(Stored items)
+++
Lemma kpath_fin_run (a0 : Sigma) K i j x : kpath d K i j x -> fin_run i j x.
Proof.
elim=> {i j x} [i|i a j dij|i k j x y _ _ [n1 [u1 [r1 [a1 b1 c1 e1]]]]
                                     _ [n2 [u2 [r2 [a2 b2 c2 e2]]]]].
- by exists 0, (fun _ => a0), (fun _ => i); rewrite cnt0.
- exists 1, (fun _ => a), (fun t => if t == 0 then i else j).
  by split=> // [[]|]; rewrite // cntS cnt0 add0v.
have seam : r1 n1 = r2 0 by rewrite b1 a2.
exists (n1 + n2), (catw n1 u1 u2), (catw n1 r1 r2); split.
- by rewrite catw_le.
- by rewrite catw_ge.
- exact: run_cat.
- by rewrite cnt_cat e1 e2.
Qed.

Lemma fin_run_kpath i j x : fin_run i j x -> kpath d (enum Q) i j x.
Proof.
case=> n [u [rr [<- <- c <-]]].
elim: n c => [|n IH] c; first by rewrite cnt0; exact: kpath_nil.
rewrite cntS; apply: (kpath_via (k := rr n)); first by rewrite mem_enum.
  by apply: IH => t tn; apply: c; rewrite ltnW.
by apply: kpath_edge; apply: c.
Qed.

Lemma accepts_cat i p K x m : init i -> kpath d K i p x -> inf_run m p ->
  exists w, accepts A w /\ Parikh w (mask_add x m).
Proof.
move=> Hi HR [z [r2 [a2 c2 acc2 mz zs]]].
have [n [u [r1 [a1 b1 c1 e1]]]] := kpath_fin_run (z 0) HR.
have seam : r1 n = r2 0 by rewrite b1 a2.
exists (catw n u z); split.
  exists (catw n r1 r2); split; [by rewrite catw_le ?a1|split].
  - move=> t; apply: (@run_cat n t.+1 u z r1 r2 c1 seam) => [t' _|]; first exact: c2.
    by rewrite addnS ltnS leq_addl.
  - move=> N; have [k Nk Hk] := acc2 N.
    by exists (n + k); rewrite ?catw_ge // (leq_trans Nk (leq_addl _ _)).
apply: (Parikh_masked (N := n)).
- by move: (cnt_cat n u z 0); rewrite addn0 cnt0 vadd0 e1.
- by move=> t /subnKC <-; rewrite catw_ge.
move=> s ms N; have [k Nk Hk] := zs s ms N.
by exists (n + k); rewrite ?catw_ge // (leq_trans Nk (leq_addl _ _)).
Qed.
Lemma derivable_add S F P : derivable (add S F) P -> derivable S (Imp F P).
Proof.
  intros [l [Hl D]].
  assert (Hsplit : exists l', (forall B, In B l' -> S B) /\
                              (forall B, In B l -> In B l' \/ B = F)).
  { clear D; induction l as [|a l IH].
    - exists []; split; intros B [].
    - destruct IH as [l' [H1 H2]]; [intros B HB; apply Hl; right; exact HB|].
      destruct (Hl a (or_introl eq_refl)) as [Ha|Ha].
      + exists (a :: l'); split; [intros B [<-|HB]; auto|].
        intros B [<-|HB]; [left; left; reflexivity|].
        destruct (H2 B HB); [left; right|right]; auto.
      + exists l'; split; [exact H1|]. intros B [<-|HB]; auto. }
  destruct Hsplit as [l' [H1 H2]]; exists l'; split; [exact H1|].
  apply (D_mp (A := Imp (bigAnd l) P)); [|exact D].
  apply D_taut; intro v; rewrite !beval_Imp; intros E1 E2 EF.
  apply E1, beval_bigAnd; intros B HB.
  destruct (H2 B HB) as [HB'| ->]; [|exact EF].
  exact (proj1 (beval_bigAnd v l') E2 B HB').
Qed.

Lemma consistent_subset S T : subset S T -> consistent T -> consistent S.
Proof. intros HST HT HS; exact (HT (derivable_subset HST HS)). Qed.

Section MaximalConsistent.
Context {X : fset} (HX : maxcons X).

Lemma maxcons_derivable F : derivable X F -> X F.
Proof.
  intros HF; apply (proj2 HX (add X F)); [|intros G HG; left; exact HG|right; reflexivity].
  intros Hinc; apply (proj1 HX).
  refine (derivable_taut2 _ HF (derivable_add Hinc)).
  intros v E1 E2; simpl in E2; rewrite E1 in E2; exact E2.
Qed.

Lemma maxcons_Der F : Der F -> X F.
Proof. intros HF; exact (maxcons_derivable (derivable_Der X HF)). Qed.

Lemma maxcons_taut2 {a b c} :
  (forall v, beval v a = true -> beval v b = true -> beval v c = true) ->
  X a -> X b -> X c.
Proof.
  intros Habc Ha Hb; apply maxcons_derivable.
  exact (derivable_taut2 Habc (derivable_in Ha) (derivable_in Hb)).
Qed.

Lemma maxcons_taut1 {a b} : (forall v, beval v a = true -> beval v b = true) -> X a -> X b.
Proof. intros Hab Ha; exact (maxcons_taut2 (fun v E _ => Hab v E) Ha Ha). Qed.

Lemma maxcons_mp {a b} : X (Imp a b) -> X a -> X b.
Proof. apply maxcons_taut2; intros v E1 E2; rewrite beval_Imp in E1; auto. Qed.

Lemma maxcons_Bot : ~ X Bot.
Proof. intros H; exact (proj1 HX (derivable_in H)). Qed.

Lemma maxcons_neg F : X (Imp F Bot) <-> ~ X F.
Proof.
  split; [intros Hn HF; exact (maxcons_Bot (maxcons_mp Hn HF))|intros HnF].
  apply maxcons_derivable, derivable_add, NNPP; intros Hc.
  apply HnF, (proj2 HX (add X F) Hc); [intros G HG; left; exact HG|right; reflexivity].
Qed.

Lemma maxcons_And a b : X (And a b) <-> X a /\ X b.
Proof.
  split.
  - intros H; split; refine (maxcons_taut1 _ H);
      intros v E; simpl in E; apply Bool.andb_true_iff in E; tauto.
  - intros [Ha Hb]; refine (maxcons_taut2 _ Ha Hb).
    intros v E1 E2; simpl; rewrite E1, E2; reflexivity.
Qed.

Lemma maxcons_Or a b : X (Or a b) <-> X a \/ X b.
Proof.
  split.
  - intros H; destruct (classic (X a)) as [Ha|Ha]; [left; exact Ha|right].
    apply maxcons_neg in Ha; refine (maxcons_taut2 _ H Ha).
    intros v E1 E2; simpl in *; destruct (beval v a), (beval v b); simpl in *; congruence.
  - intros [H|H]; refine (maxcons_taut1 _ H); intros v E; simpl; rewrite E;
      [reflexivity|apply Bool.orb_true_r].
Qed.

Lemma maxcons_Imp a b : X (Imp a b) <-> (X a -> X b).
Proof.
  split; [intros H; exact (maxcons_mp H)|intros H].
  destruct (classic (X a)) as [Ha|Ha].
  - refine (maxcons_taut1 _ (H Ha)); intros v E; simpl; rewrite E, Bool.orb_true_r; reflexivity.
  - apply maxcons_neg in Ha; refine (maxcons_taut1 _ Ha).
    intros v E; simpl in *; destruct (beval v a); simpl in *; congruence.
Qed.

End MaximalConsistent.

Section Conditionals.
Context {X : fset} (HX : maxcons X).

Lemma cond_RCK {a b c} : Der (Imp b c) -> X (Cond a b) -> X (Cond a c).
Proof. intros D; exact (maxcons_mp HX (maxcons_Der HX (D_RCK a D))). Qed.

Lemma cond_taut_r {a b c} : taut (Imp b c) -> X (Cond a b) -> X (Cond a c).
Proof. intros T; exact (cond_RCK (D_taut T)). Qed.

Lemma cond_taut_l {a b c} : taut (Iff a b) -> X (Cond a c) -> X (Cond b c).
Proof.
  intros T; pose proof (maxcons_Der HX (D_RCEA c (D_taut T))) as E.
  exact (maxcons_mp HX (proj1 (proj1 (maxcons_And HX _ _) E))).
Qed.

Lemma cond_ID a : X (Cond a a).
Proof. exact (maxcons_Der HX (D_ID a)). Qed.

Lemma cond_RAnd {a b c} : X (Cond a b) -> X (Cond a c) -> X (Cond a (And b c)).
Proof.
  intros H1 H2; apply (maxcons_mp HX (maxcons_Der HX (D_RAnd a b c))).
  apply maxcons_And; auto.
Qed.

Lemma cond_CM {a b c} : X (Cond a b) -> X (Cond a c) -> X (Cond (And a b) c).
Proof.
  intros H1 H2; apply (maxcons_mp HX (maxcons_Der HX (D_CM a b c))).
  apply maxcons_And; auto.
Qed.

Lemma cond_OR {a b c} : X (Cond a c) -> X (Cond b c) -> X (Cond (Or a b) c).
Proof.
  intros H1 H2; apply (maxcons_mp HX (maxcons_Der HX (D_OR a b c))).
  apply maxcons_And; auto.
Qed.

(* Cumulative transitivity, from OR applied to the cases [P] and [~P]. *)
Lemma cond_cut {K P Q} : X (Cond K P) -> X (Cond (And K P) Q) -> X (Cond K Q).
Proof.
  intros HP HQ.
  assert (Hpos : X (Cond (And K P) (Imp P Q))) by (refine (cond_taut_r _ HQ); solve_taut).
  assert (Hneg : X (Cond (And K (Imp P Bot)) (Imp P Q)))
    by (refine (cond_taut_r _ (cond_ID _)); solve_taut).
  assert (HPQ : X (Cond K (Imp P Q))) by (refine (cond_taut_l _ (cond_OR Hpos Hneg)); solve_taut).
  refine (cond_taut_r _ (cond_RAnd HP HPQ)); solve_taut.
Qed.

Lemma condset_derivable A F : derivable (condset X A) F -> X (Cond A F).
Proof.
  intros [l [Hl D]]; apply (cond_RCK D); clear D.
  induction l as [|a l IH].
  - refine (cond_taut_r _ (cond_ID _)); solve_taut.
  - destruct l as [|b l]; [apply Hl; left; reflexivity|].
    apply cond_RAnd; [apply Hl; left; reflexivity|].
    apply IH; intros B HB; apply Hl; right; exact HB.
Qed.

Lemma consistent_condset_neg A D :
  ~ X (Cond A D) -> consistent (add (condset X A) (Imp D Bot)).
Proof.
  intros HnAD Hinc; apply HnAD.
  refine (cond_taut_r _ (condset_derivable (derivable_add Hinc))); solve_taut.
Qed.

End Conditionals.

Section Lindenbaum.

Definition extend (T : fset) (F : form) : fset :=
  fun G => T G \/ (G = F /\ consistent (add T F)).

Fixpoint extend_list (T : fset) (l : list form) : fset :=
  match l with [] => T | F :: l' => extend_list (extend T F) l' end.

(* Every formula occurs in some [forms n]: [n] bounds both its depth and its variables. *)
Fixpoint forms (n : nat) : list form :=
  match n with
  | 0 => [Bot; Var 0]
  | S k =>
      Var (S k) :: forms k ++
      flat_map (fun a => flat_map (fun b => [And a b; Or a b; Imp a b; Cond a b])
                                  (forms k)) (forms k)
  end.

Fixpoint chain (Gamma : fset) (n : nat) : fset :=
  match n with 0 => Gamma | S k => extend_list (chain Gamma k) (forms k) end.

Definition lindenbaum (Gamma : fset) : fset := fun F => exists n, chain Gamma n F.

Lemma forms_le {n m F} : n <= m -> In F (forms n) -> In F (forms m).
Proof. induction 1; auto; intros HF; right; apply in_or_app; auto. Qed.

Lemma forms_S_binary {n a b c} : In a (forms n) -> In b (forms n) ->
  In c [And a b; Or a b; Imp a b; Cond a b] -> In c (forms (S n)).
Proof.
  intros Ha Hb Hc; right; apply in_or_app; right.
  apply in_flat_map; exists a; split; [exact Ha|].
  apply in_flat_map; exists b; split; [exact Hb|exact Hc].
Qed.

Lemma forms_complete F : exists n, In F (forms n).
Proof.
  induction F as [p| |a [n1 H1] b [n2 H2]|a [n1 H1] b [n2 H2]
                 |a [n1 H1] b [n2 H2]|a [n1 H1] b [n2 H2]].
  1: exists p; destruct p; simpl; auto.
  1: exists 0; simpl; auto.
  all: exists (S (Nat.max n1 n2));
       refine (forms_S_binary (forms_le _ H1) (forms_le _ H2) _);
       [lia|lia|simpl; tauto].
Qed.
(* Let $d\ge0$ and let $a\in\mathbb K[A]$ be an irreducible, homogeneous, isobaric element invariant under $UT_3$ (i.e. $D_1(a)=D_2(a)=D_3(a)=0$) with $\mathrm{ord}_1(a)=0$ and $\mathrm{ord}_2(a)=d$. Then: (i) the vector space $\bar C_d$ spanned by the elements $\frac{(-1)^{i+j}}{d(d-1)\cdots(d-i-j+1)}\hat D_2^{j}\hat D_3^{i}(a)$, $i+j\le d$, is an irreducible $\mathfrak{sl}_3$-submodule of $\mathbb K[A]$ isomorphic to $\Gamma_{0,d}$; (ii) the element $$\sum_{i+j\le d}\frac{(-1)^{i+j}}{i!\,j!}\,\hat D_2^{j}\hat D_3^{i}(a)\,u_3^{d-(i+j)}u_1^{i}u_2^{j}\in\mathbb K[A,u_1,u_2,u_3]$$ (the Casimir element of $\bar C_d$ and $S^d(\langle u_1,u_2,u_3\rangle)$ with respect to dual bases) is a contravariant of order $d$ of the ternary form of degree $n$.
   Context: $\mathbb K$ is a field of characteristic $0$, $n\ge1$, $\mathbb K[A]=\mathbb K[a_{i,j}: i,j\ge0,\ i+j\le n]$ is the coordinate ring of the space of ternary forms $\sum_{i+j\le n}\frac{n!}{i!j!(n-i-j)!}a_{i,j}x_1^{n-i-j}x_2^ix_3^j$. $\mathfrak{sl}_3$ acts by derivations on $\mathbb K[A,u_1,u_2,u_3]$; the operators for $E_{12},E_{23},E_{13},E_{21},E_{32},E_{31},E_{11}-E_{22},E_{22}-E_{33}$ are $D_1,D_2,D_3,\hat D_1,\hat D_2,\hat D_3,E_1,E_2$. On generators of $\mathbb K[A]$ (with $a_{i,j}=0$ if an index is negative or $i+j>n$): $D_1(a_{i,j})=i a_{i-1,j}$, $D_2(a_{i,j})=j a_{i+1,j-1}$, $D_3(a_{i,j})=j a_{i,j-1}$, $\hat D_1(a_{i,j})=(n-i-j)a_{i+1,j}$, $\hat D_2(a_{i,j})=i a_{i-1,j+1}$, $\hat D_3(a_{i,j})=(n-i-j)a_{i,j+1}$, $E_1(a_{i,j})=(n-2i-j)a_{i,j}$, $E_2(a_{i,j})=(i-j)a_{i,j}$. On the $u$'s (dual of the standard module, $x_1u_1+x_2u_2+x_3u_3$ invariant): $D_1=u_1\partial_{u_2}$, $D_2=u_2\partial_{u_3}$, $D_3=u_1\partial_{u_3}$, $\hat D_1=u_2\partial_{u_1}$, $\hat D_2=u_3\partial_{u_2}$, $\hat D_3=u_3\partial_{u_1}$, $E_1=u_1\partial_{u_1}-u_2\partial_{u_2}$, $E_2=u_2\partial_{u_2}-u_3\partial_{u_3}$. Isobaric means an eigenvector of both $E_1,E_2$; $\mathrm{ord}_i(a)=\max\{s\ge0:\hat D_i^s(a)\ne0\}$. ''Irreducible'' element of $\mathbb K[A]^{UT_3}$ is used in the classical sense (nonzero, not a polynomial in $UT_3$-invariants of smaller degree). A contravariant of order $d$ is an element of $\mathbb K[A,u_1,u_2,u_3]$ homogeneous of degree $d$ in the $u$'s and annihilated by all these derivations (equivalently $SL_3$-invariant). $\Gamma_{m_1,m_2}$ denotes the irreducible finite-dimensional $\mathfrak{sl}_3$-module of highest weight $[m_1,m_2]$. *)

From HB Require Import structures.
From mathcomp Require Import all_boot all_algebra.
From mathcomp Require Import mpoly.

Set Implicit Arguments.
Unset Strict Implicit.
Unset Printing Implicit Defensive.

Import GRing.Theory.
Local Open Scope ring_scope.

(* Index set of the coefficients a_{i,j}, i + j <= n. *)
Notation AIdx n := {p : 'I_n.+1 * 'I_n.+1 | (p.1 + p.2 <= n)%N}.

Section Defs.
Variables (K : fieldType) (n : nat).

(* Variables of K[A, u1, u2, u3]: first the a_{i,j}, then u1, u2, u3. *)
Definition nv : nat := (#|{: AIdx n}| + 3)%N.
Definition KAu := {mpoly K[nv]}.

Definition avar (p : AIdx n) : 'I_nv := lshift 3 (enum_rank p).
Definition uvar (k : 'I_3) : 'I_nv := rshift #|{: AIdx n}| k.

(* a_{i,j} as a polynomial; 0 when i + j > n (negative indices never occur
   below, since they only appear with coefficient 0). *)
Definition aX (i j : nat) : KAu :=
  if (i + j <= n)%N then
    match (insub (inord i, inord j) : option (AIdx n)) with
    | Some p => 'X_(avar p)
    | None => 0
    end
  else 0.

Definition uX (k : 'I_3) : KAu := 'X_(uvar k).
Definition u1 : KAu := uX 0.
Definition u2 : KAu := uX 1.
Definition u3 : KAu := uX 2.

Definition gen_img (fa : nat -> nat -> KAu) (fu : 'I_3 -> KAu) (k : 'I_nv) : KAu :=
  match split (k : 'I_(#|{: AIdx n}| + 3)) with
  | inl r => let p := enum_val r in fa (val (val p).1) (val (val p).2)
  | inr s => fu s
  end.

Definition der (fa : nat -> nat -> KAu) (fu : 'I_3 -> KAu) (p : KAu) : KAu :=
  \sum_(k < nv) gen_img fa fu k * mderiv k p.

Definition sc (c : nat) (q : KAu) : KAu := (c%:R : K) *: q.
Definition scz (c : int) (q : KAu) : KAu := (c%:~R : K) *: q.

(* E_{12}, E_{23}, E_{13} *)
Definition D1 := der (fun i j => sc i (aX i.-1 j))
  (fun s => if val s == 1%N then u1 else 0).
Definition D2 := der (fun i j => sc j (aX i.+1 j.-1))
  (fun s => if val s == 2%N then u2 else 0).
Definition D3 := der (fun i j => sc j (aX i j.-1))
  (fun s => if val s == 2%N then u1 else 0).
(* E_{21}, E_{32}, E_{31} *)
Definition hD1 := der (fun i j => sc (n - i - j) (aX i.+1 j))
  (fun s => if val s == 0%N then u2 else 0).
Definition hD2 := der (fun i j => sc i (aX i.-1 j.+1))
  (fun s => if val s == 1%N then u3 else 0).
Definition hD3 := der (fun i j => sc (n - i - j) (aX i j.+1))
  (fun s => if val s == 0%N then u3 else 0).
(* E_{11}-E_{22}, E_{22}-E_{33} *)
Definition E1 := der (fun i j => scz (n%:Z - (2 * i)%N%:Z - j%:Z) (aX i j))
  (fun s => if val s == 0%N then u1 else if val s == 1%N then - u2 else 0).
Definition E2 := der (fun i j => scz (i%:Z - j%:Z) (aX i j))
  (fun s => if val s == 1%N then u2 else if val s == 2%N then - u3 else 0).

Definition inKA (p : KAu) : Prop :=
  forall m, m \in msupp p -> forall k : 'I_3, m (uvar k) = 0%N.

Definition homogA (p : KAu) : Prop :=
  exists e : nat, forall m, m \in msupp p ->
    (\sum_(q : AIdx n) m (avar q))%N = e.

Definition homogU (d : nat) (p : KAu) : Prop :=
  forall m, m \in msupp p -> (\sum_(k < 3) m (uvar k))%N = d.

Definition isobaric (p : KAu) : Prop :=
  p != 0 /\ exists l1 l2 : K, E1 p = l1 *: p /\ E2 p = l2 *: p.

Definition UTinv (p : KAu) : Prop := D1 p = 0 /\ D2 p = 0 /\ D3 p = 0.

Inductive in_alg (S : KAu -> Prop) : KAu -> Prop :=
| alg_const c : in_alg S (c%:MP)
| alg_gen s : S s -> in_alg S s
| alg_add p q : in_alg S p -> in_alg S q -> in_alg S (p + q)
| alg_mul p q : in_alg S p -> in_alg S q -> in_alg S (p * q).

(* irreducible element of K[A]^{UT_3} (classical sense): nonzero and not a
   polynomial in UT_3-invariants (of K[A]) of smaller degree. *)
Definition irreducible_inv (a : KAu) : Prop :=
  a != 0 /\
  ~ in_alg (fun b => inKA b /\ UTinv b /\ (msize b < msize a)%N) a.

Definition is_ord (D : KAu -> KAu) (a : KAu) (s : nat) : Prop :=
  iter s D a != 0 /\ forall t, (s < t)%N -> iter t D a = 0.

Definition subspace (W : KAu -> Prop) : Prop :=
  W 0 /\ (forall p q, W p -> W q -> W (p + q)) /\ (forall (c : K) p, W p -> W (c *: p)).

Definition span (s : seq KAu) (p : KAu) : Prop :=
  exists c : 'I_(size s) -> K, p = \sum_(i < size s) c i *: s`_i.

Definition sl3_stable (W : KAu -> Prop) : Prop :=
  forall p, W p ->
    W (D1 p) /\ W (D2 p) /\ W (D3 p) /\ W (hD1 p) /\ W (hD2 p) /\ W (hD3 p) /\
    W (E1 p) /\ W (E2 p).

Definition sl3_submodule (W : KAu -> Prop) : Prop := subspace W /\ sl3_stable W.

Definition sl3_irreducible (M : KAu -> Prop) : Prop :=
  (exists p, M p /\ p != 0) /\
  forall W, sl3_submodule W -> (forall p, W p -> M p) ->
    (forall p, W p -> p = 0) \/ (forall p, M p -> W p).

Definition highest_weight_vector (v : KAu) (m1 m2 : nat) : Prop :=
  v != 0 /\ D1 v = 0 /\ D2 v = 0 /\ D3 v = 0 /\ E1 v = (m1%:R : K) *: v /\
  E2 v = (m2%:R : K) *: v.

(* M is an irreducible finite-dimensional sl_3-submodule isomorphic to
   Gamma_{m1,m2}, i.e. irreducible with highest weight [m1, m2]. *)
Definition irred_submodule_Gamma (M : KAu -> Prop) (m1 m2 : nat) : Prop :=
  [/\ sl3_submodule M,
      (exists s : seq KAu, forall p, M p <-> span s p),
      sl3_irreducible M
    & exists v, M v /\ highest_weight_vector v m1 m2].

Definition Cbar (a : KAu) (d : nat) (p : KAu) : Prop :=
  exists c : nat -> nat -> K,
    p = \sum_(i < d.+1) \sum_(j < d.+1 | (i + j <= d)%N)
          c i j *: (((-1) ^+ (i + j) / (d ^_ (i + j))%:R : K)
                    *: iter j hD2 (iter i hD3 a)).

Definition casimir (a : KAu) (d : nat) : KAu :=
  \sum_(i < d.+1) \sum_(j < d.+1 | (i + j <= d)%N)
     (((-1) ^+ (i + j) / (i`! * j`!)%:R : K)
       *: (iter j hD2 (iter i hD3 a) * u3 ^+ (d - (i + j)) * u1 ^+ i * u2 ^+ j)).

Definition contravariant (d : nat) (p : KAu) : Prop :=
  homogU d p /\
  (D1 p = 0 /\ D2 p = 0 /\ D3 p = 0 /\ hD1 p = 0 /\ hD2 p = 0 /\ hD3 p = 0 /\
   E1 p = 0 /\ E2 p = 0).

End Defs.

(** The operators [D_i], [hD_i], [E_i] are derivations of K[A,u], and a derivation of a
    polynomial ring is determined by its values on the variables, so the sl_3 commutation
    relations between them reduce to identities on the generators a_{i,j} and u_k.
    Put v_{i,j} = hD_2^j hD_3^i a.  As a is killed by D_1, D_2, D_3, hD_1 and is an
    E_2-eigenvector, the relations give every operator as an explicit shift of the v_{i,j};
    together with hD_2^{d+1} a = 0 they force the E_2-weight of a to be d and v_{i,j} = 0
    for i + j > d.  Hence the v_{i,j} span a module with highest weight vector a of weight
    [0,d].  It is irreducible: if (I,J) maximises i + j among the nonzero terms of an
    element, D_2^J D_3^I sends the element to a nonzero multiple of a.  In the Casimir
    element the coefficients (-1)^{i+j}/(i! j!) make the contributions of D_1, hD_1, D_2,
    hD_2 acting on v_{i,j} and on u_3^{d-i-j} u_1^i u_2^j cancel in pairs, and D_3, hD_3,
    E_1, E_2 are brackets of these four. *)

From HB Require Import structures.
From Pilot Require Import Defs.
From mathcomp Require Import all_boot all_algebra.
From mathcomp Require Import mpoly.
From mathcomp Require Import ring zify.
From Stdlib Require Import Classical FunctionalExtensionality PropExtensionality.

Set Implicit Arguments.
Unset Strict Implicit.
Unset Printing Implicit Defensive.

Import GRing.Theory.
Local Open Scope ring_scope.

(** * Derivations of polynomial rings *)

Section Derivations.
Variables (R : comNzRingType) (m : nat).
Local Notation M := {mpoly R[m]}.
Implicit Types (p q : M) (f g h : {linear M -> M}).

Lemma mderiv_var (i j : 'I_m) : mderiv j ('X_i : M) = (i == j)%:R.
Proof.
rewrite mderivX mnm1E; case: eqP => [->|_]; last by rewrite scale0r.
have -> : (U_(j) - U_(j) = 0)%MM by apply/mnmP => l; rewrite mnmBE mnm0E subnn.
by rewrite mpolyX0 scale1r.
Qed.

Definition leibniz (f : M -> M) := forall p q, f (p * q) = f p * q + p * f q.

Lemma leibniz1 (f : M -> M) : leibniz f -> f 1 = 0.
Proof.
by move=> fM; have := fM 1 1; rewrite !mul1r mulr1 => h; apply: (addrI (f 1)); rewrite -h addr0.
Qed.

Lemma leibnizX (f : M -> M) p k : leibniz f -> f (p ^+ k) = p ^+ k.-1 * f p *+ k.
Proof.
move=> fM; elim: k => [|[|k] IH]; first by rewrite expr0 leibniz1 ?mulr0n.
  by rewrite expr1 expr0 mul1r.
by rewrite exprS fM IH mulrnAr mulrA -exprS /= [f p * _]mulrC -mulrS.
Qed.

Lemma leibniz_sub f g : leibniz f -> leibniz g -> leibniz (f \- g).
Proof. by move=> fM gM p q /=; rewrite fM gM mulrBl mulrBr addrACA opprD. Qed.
+++
[Assignment] For this task, write out exactly the lines of the entries above, starting at the line with "X a -> X b -> X c." and ending at the line with "true) -> X a -> X b.", both included, and no others.

[Answer for the task]
  X a -> X b -> X c.
Proof.
  intros Habc Ha Hb; apply maxcons_derivable.
  exact (derivable_taut2 Habc (derivable_in Ha) (derivable_in Hb)).
Qed.

Lemma maxcons_taut1 {a b} : (forall v, beval v a = true -> beval v b = true) -> X a -> X b.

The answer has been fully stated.